3. Strategic locations for Farah. This is actually used in some combat scenarios, but most of the time Farah just stands in some spot where she can be assaulted from four sides. And because she never moves unless it’s a scripted movement, protecting her can be a very cumbersome task. It doesn’t help that your sword can actually hit her as well, so you need to spend time positioning yourself properly against enemies that are near her, which once again can be very frustrating as you can still hit her, and also sometimes attack the wrong enemy.

However, Farah can take care of herself pretty well if against one, in some cases two, enemies. She can still die, but it’s not rage-inducing as there’s plenty of time to help. So each combat arena then should have strategic locations for Farah where she can’t get attacked from behind, but can get attacked by one or two enemies. Some sort of steps broken midway, slope close to a wall, etc. Would be perfect if she took more height advantages as well, i.e. climb some boxes or something. So as the solution can’t be AI improvement, we need to make the AI issues less noticeable.

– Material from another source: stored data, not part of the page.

(* For N, M beyond some n > k, the transposition (k M) is the conjugate of (k N) by (N M),
   and by continuity K((N M)) moves any given vector arbitrarily little once n is large.
   Hence <K((k N))x, y> is Cauchy in N, and the Gram entries <K((k i))x, K((k j))x>, i <> j,
   all approach one value; the latter makes the Cesaro means of K((k i))x norm-Cauchy, and
   their limit O x (which stands in for the Riesz representation of y |-> lim <K((k N))x, y>)
   is the weak limit of K((k N))x.  Linearity and self-adjointness pass to
   the weak limit because each K((k N)) is a self-adjoint unitary, and O is idempotent
   because (k N)(k M) = (k M)(N M) shows that K((k N)) O y -> O y weakly. *)

Set Implicit Arguments. Unset Strict Implicit. Unset Printing Implicit Defensive.
Local Open Scope ring_scope.
Local Open Scope complex_scope.

Ltac transp_ext := apply: functional_extensionality => t;
  rewrite /transp /comp; repeat case: eqP => //=; lia.

Lemma transpK a b : transp a b \o transp a b = id.
Proof. transp_ext. Qed.

Lemma transp_bij a b : bijective (transp a b).
Proof. by exists (transp a b) => j; have /(congr1 (@^~ j)) := transpK a b. Qed.

Lemma transp_conj k N M : N <> k -> M <> k ->
  transp k M = transp N M \o transp k N \o transp N M.
Proof. move=> *; transp_ext. Qed.

Lemma transp_conj_disjoint k i a b : k <> a -> k <> b -> i <> a -> i <> b ->
  transp k i = transp a b \o transp k i \o transp a b.
Proof. move=> *; transp_ext. Qed.

Lemma transp_cycle k N M : N <> k -> M <> k -> N <> M ->
  transp k N \o transp k M = transp k M \o transp N M.
Proof. move=> *; transp_ext. Qed.

Lemma transp_fix a b n j : (n <= a)%N -> (n <= b)%N -> (j < n)%N -> transp a b j = j.
Proof. by rewrite /transp; repeat case: eqP => //=; lia. Qed.

Section ComplexModulus.
Variable R : realType.
Implicit Types z w : R[i].

Lemma normr_normc z : `|z| = (normc z)%:C.
Proof. by case: z => a b; rewrite normc_def. Qed.

Lemma normc_ge0 z : 0 <= normc z.
Proof. by rewrite -(@lecR R) -normr_normc; exact: normr_ge0. Qed.

Lemma normcB z w : normc (z - w) = normc (w - z).
Proof. by rewrite -normcN opprB. Qed.

Lemma normc_conj z : normc (conjc z) = normc z.
Proof. by apply: complexI; rewrite -!normr_normc normcJ. Qed.

Lemma normc_real (r : R) : normc r%:C = `|r|.
Proof. by rewrite /normc /= expr0n addr0 sqrtr_sqr. Qed.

This would be enough to make the experience smoother I think. Those changes are much less expensive, there’s no need to remake mechanics, to drastically change levels, and things like that. The goal is to make the player not notice the problems. The engagement and enjoyment factor is always 100% at first, it lowers when player starts to get frustrated at the issues, but if we don’t even give him a chance to notice those issues… then the factor is still at 100%.

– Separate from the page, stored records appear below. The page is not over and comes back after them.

(* The number of $\lfloor\sqrt n\rfloor$-bounded walks with $n$ steps is $\Omega(2^n/\sqrt n)$ as $n\to\infty$.
   Context: A ballot sequence is a 0-1 sequence in which every nonempty prefix contains strictly more 1's than 0's. A 0-1 sequence corresponds to a lattice walk starting at the origin, where each term $1$ is a step $(1,1)$ and each term $0$ is a step $(1,-1)$; a ballot walk is the walk of a ballot sequence. For a positive integer $b$, a $b$-bounded walk is a ballot walk that never visits a point with $y>2b$ and whose endpoint has $y>b$. *)

From HB Require Import structures.
From mathcomp Require Import all_boot all_order all_algebra.
From mathcomp Require Import reals.
Set Implicit Arguments. Unset Strict Implicit. Unset Printing Implicit Defensive.

(* A 0-1 sequence is a seq bool; true = 1 = step (1,1), false = 0 = step (1,-1).
   The y-coordinate after the prefix of length k is
   (number of 1's) - (number of 0's) in [take k s]. *)
Definition ones (s : seq bool) : nat := count id s.
Definition zeros (s : seq bool) : nat := count negb s.

Definition ballot (s : seq bool) : bool :=
  [forall k : 'I_(size s).+1, (0 < k)%N ==> (zeros (take k s) < ones (take k s))%N].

Creating Great Experience with Flawed Mechanics

Creating Great Experience with Flawed Mechanics

In the end, both questions, ‘what to change to make it better?’ and ‘how to build a great experience out of problematic pieces?’ are useful. But I think the second one is often overlooked when analyzing games, but it’s very important. In practice there are many situations when we’re tasked to make something great out of something that we’d like to be better, but don’t have time or resources to make it so. In those situations it’s important to try and find different creative solutions, and it’s good to have some practice that would help find the crux of the issue and how to make it invisible to the player.

And at the end, I just want to note that while I do use such phrases as game components ’deserving place in hell’, hopefully it’s clear that it’s all in good spirit as Sands of Time is a great game. But those birds though. And bats. And camera. Ahem… Thank you all for reading, hope you found this interesting and useful. If you have any comments, feel free to leave them in the comment section. See you next time!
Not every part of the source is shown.